Measuring CPU usage once a minute makes no sense for containers… Coping with rate of change is a big challenge for monitoring tools.

'Scale' was cited as the third monitoring challenge, which includes more than simply the number of running containers and machines. 'Cloud-native' concepts, such as regions and availability zones must be considered, as should the services themselves and the potential multiple versions running in parallel.

Cockcroft explained that ‘data flow’ is also an inherent challenge with a microservice architecture. Several tools such as Netflix’s Atlas (and associated applications), AppDynamics’ Application Performance Management application, and Twitter’s Zipkin can show the request flow across a few services. However, the interesting architectures have a lot of microservices, and this means that visualisation is a real challenge.
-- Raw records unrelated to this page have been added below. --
(* If $\kappa$ is an uncountable cardinal with $\kappa=\kappa^{<\kappa}$, then every non-empty open subset of ${}^\kappa\kappa$ is equal to the image of ${}^\kappa\kappa$ under an injective continuous function ${}^\kappa\kappa\to{}^\kappa\kappa$.
   Context: ${}^\kappa\kappa$ carries the topology whose basic open sets are $N_s=\{x\in{}^\kappa\kappa : s\subseteq x\}$ for $s$ a function from some ordinal $\alpha<\kappa$ to $\kappa$. *)

(* A cardinal kappa is represented as a type K carrying a strict
   well-order lt whose order type is an initial ordinal. *)
From Stdlib Require Import Relations Wellfounded.

Definition injective {A B : Type} (f : A -> B) : Prop :=
  forall x y, f x = f y -> x = y.

Definition strict_well_order (K : Type) (lt : K -> K -> Prop) : Prop :=
  well_founded lt /\
  (forall a b c, lt a b -> lt b c -> lt a c) /\
  (forall a b, lt a b \/ a = b \/ lt b a).

Definition below {K : Type} (lt : K -> K -> Prop) (a : K) : Type := {b : K | lt b a}.

Definition is_cardinal (K : Type) (lt : K -> K -> Prop) : Prop :=
  strict_well_order K lt /\
  forall a : K, ~ exists f : K -> below lt a, injective f.

Definition uncountable (K : Type) : Prop := ~ exists f : K -> nat, injective f.

(* kappa^{<kappa} = kappa : the set of functions from some ordinal a < kappa
   to kappa injects into kappa (the reverse inequality is trivial) *)
Definition kappa_lt_kappa_eq (K : Type) (lt : K -> K -> Prop) : Prop :=
  exists f : {a : K & (below lt a -> K)} -> K, injective f.

(* generalized Baire space ^kappa kappa: functions K -> K.
   Basic open set N_s for s : a -> K, a < kappa. *)
Definition N_s {K : Type} (lt : K -> K -> Prop) (a : K) (s : below lt a -> K)
  : (K -> K) -> Prop :=
  fun x => forall b : below lt a, x (proj1_sig b) = s b.
Lemma connP F x y :
  reflect (exists s, is_walk_in ends F x s && (walk_end x s == y)) (conn F x y).
Proof.
apply: (iffP connectP) => [[p /path_walk[s sW <-] ->] | [s /andP[sW /eqP <-]]].
  by exists s; rewrite sW /walk_end eqxx.
by exists (map snd s); first exact: walk_path.
Qed.

Lemma connected_inP (S : {set V}) F :
  connected_in ends S F <-> {in S &, forall x y, conn F x y}.
Proof. by split=> connS x y xS yS; apply/connP/connS. Qed.

Lemma acyclic_sub F G : F \subset G -> acyclic_in ends G -> acyclic_in ends F.
Proof.
move=> sFG acG x s; apply: contra (acG x s).
by rewrite /is_path_in => /and5P[-> /(walk_sub sFG)-> -> -> ->].
Qed.

Lemma walk_edge_incident F x s e v : is_walk_in ends F x s ->
  e \in map fst s -> incident ends e v -> v \in x :: map snd s.
Proof.
elim: s x => [|[d y] s IHs] x //= /and3P[_ dxy sW].
rewrite inE => /predU1P[-> | /(IHs y sW)/[apply]]; last by rewrite !inE => ->; rewrite orbT.
by rewrite (incident_joins _ dxy) !inE => /orP[]->; rewrite ?orbT.
Qed.

Lemma uniq_walk_edges F x s :
  is_walk_in ends F x s -> uniq (x :: map snd s) -> uniq (map fst s).
Proof.
elim: s x => [|[e y] s IHs] x //= /and3P[_ exy sW] /andP[xNs Us].
rewrite (IHs y sW Us) andbT; apply: contra xNs => /(walk_edge_incident sW).
by apply; rewrite (incident_joins _ exy) eqxx.
Qed.

Lemma interior_cons e y s : interior ((e, y) :: s) = belast y (map snd s).
Proof.
by rewrite /interior /= lastI -cats1 take_size_cat // size_belast size_map.
Qed.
The possibility for 'failure' is an ever-present challenge is microservice applications. This is further compounded for failures that occur in cloud environments. For example, what should a monitoring/analytics platform show if an availability zone partition or failure occurs? By design, a cloud-native application will continue to work with partial availability zone failure, and so this is not necessarily a ‘failure’ per se. However, the system operators should be informed, and potentially application deployments halted.

The challenge here is to understand and communicate common microservice failure patterns.
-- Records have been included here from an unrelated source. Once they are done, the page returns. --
(* Let $u\in R^{\times}$, $a\in R$. For every right $H_N^q$-comodule algebra map $f:T\to\mathcal{B}_{(u,a)}$ there exist unique $\lambda,\mu,\xi\in R$ such that $f(E)=\lambda$, $f(G)=\mu v_g$ and $f(X)=\lambda v_x+\xi v_g$.
   Context: $R$ is a commutative unital ring, $N\ge2$, and $q\in R$ a root of the $N$-th cyclotomic polynomial over $\mathbb{Z}$. $H_N^q$ is the Taft Hopf algebra over $R$: generated by $g,x$ with $g^N=1$, $x^N=0$, $xg=qgx$, $\Delta(g)=g\otimes g$, $\Delta(x)=1\otimes x+x\otimes g$, $\varepsilon(g)=1$, $\varepsilon(x)=0$; it is free over $R$ with basis $\{g^mx^n:0\le m,n<N\}$. For $u\in R^{\times}$, $a\in R$, $\mathcal{B}_{(u,a)}$ is the $R$-algebra generated by $v_g,v_x$ with $v_g^N=u$, $v_x^N=a$, $v_xv_g=qv_gv_x$, free over $R$ with basis $\{v_g^mv_x^n:0\le m,n<N\}$, and a right $H_N^q$-comodule algebra via $\rho(v_g)=v_g\otimes g$, $\rho(v_x)=1\otimes x+v_x\otimes g$. For each $i\ge1$ let $Z_i^H=\{Z_i^h:h\in H_N^q\}$ be a copy of the $R$-module $H_N^q$ and $T=T(\bigoplus_{i\ge1}Z_i^H)$ the tensor algebra, a right $H_N^q$-comodule algebra via $\delta(Z_i^h)=\sum Z_i^{h_1}\otimes h_2$. Set $E=Z_1^1$, $G=Z_1^g$, $X=Z_1^x$, so $\delta(E)=E\otimes1$, $\delta(G)=G\otimes g$, $\delta(X)=E\otimes x+X\otimes g$. *)

From HB Require Import structures.
From mathcomp Require Import all_boot all_algebra cyclotomic.
From mathcomp Require Import finmap monalg.

Set Implicit Arguments.
Unset Strict Implicit.
Unset Printing Implicit Defensive.

Import GRing.Theory.
Local Open Scope ring_scope.

(* The Taft algebra H = H_N^q and B = B_(u,a) are free R-modules with basis *)
(* indexed by K N = 'I_N * 'I_N : the key (m, n) stands for g^m x^n in H and *)
(* for v_g^m v_x^n in B.  Elements are coefficient vectors {ffun K N -> R^o}. *)
(* For an R-module A, A (x) H is represented by {ffun K N -> A}: the        *)
(* function F stands for  sum_k F k (x) (g^m x^n)_k.                        *)

Section Taft.

Variables (R : comNzRingType) (N : nat) (q u a : R).

Definition Key := ('I_N * 'I_N)%type.

Definition Vec := {ffun Key -> R^o}.

(* basis vector g^m x^n (resp. v_g^m v_x^n); zero if m or n is >= N *)
Definition bas (m n : nat) : Vec :=
  [ffun k : Key => if ((k.1 : nat) == m) && ((k.2 : nat) == n) then 1 else 0].

(* multiplication of basis elements of H_N^q :
   g^m x^n * g^m' x^n' = q^(n m') g^(m+m' mod N) x^(n+n')  (0 if n+n' >= N) *)
Definition Hprod (k l : Key) : Vec :=
  if ((k.2 : nat) + l.2 < N)%N
  then (q ^+ (k.2 * l.1)) *: bas ((k.1 + l.1) %% N) (k.2 + l.2)
  else 0.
Testing of microservice and container monitoring tools at scale can quickly become expensive, and according it was suggested that simulation could be a viable alternative. Cockcroft introduced his ‘spigo’ (or ‘simianviz’) microservice simulator, which allows the modelling and visualising of interesting microservice architectures.

Spigo/simianviz is a Go/D3.js-based application that can generate synthetic/test microservice systems. Large scale configurations of systems can be simulated, and the eventual goal is to support the stress testing of real monitoring tooling. Additionally, Cockcroft plans to add support into the tool for dynamically varying code push and autoscaling configurations, modelling of Netflix’s chaos gorilla for zone and region failures, and a WebSocket connection between spigo and simianviz displays.

My challenge to you: Build your architecture in Spigo. Stress monitoring tools with it. Help fix monitoring for microservices!

More information and the slides for Adrian Cockcroft’s GlueCon talk can be found on Cockcroft’s SlideShare account. The code for Spigo/simianviz can be found on Github. GlueCon is an annual developer conference that focuses on cloud, DevOps, mobile, APIs and big data, and more information can be found on the GlueCon website.